What you will do.
Would you return, word for word, the lines of the data below from the line with "(hrevdom : forall eps y, E eps ->" through the line with "- exact: (iter_map_reversed", and no others?

Records for this exercise.
(* Let $F_\epsilon$ be a smooth near-identity family of maps on a domain $D\subset\mathbb R^m$ which is reversible with a linear reversor $R$, i.e. $R:\mathbb R^m\to\mathbb R^m$ is linear with $R\circ R=\mathrm I$ and $F_\epsilon^{-1}=R\circ F_\epsilon\circ R$. Then the interpolating vector field $X_n$ of $F_\epsilon$ is reversible: $X_n(Rx,\epsilon)=-R\,X_n(x,\epsilon)$ (whenever both sides are defined).
   Context: For $\epsilon\neq0$ and a point $x$ whose iterates $x_k=F_\epsilon^k(x)$, $|k|\le n$, are defined (negative $k$ meaning iterates of $F_\epsilon^{-1}$), the interpolating vector field is $$X_n(x,\epsilon)=\epsilon^{-1}\sum_{k=1}^n p_{nk}\bigl(x_k-x_{-k}\bigr),\qquad p_{nk}=\frac{(-1)^{k+1}(n!)^2}{k(n+k)!(n-k)!}.$$ *)

From HB Require Import structures.
From mathcomp Require Import all_boot all_order all_algebra.
From mathcomp Require Import reals.
Set Implicit Arguments. Unset Strict Implicit. Unset Printing Implicit Defensive.
Import Order.TTheory GRing.Theory Num.Theory.
Local Open Scope ring_scope.

(* Points of R^m are row vectors 'rV[R]_m; a linear map R^m -> R^m is a
   matrix A acting by x |-> x *m A. *)

Definition pcoef (R : realType) (n k : nat) : R :=
  (-1) ^+ k.+1 * (n`!)%:R ^+ 2 / (k%:R * ((n + k)`!)%:R * ((n - k)`!)%:R).

(* The iterates x_k = F^k x (k >= 0) and x_{-k} = (F^{-1})^k x are all
   defined for |k| <= n : each iterate used as an argument lies in the
   domain of the map being applied. *)
Definition iterates_defined (V : Type) (D Dinv : V -> Prop) (f finv : V -> V)
  (n : nat) (x : V) : Prop :=
  forall k, (k < n)%N -> D (iter k f x) /\ Dinv (iter k finv x).

Definition interp_field (R : realType) (m : nat) (f finv : 'rV[R]_m -> 'rV[R]_m)
  (n : nat) (eps : R) (x : 'rV[R]_m) : 'rV[R]_m :=
  eps^-1 *: \sum_(1 <= k < n.+1) pcoef R n k *: (iter k f x - iter k finv x).

From HB Require Import structures.
From mathcomp Require Import all_boot all_order all_algebra.
From mathcomp Require Import reals.
Set Implicit Arguments. Unset Strict Implicit. Unset Printing Implicit Defensive.
Import Order.TTheory GRing.Theory Num.Theory.
Local Open Scope ring_scope.

(* Reversibility says that R conjugates F_eps to F_eps^{-1} and vice versa,
   so R maps the forward iterates x_k of x to the backward iterates of R x and
   conversely: (R x)_k = R x_{-k}.  Hence R swaps the two terms of every
   difference x_k - x_{-k} in X_n, which changes its sign. *)

Lemma iter_conj_in (V : Type) (P : V -> Prop) (f g h : V -> V)
    (k : nat) (x : V) :
  (forall y, P y -> f (h y) = h (g y)) ->
  (forall j, (j < k)%N -> P (iter j g x)) ->
  iter k f (h x) = h (iter k g x).
Proof.
move=> fhg; elim: k => [|k IHk] Pg //=.
rewrite IHk => [|j jk]; last exact/Pg/ltnW.
exact/fhg/Pg.
Qed.

Lemma interp_field_antiswap (R : realType) (m : nat)
    (f g : 'rV[R]_m -> 'rV[R]_m) (A : 'M[R]_m) (n : nat) (eps : R)
    (x : 'rV[R]_m) :
  (forall k, (k <= n)%N -> iter k f (x *m A) = iter k g x *m A) ->
  (forall k, (k <= n)%N -> iter k g (x *m A) = iter k f x *m A) ->
  interp_field f g n eps (x *m A) = - (interp_field f g n eps x *m A).
Proof.
move=> fA gA; rewrite /interp_field -scalemxAl -scalerN; congr (_ *: _).
rewrite mulmx_suml -sumrN; apply: eq_big_nat => k /andP[_ kn].
by rewrite fA // gA // -scalemxAl -scalerN mulmxBl opprB.
Qed.

Section Reversor.

Variables (R : realType) (m : nat) (D : 'rV[R]_m -> Prop).
Variables (f g : 'rV[R]_m -> 'rV[R]_m) (Rm : 'M[R]_m).

Let image y := exists2 z, D z & f z = y.

Hypothesis RmK : Rm *m Rm = 1%:M.
Hypothesis image_reversed : forall y, image y <-> D (y *m Rm).
Hypothesis inv_reversed : forall y, image y -> g y = f (y *m Rm) *m Rm.

Lemma reversorK (y : 'rV[R]_m) : y *m Rm *m Rm = y.
Proof. by rewrite -mulmxA RmK mulmx1. Qed.

Lemma map_reversed (y : 'rV[R]_m) : image y -> f (y *m Rm) = g y *m Rm.
Proof. by move=> Iy; rewrite inv_reversed // reversorK. Qed.

Lemma inv_map_reversed (y : 'rV[R]_m) : D y -> g (y *m Rm) = f y *m Rm.
Proof.
move=> Dy; rewrite inv_reversed ?reversorK //.
by apply/image_reversed; rewrite reversorK.
Qed.

Lemma iter_map_reversed (n k : nat) (x : 'rV[R]_m) :
  iterates_defined D image f g n x -> (k <= n)%N ->
  iter k f (x *m Rm) = iter k g x *m Rm.
Proof.
move=> defx kn; apply: (iter_conj_in (P := image) (h := mulmxr Rm)) => [y|j jk].
  exact: map_reversed.
by case: (defx j (leq_trans jk kn)).
Qed.

Lemma iter_inv_map_reversed (n k : nat) (x : 'rV[R]_m) :
  iterates_defined D image f g n x -> (k <= n)%N ->
  iter k g (x *m Rm) = iter k f x *m Rm.
Proof.
move=> defx kn; apply: (iter_conj_in (P := D) (h := mulmxr Rm)) => [y|j jk].
  exact: inv_map_reversed.
by case: (defx j (leq_trans jk kn)).
Qed.

End Reversor.

Theorem mainTheorem6 (R : realType) (m : nat) (D : 'rV[R]_m -> Prop)
  (E : R -> Prop) (F Finv : R -> 'rV[R]_m -> 'rV[R]_m) (Rm : 'M[R]_m)
  (* Finv eps is the inverse of F eps : D -> F eps (D) *)
  (hinv1 : forall eps x, E eps -> D x -> Finv eps (F eps x) = x)
  (hinv2 : forall eps y, E eps -> (exists2 x, D x & F eps x = y) ->
             D (Finv eps y) /\ F eps (Finv eps y) = y)
  (* R is an involution *)
  (hRR : Rm *m Rm = 1%:M)
  (* reversibility F_eps^{-1} = R o F_eps o R, as partial maps: equal domains
     and equal values *)
  (hrevdom : forall eps y, E eps ->
     ((exists2 x, D x & F eps x = y) <-> D (y *m Rm)))
  (hrev : forall eps y, E eps -> (exists2 x, D x & F eps x = y) ->
     Finv eps y = F eps (y *m Rm) *m Rm)
  (n : nat) (eps : R) (x : 'rV[R]_m) :
  E eps -> eps != 0 ->
  iterates_defined D (fun y => exists2 z, D z & F eps z = y)
    (F eps) (Finv eps) n x ->
  iterates_defined D (fun y => exists2 z, D z & F eps z = y)
    (F eps) (Finv eps) n (x *m Rm) ->
  interp_field (F eps) (Finv eps) n eps (x *m Rm)
    = - (interp_field (F eps) (Finv eps) n eps x *m Rm).
Proof.
move=> Eeps _ defx _.
have imR y := hrevdom eps y Eeps; have invR y := hrev eps y Eeps.
apply: interp_field_antiswap => k kn.
- exact: (iter_map_reversed hRR invR defx kn).
- exact: (iter_inv_map_reversed hRR imR invR defx kn).
Qed.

Solution to the exercise.
  (hrevdom : forall eps y, E eps ->
     ((exists2 x, D x & F eps x = y) <-> D (y *m Rm)))
  (hrev : forall eps y, E eps -> (exists2 x, D x & F eps x = y) ->
     Finv eps y = F eps (y *m Rm) *m Rm)
  (n : nat) (eps : R) (x : 'rV[R]_m) :
  E eps -> eps != 0 ->
  iterates_defined D (fun y => exists2 z, D z & F eps z = y)
    (F eps) (Finv eps) n x ->
  iterates_defined D (fun y => exists2 z, D z & F eps z = y)
    (F eps) (Finv eps) n (x *m Rm) ->
  interp_field (F eps) (Finv eps) n eps (x *m Rm)
    = - (interp_field (F eps) (Finv eps) n eps x *m Rm).
Proof.
move=> Eeps _ defx _.
have imR y := hrevdom eps y Eeps; have invR y := hrev eps y Eeps.
apply: interp_field_antiswap => k kn.
- exact: (iter_map_reversed hRR invR defx kn).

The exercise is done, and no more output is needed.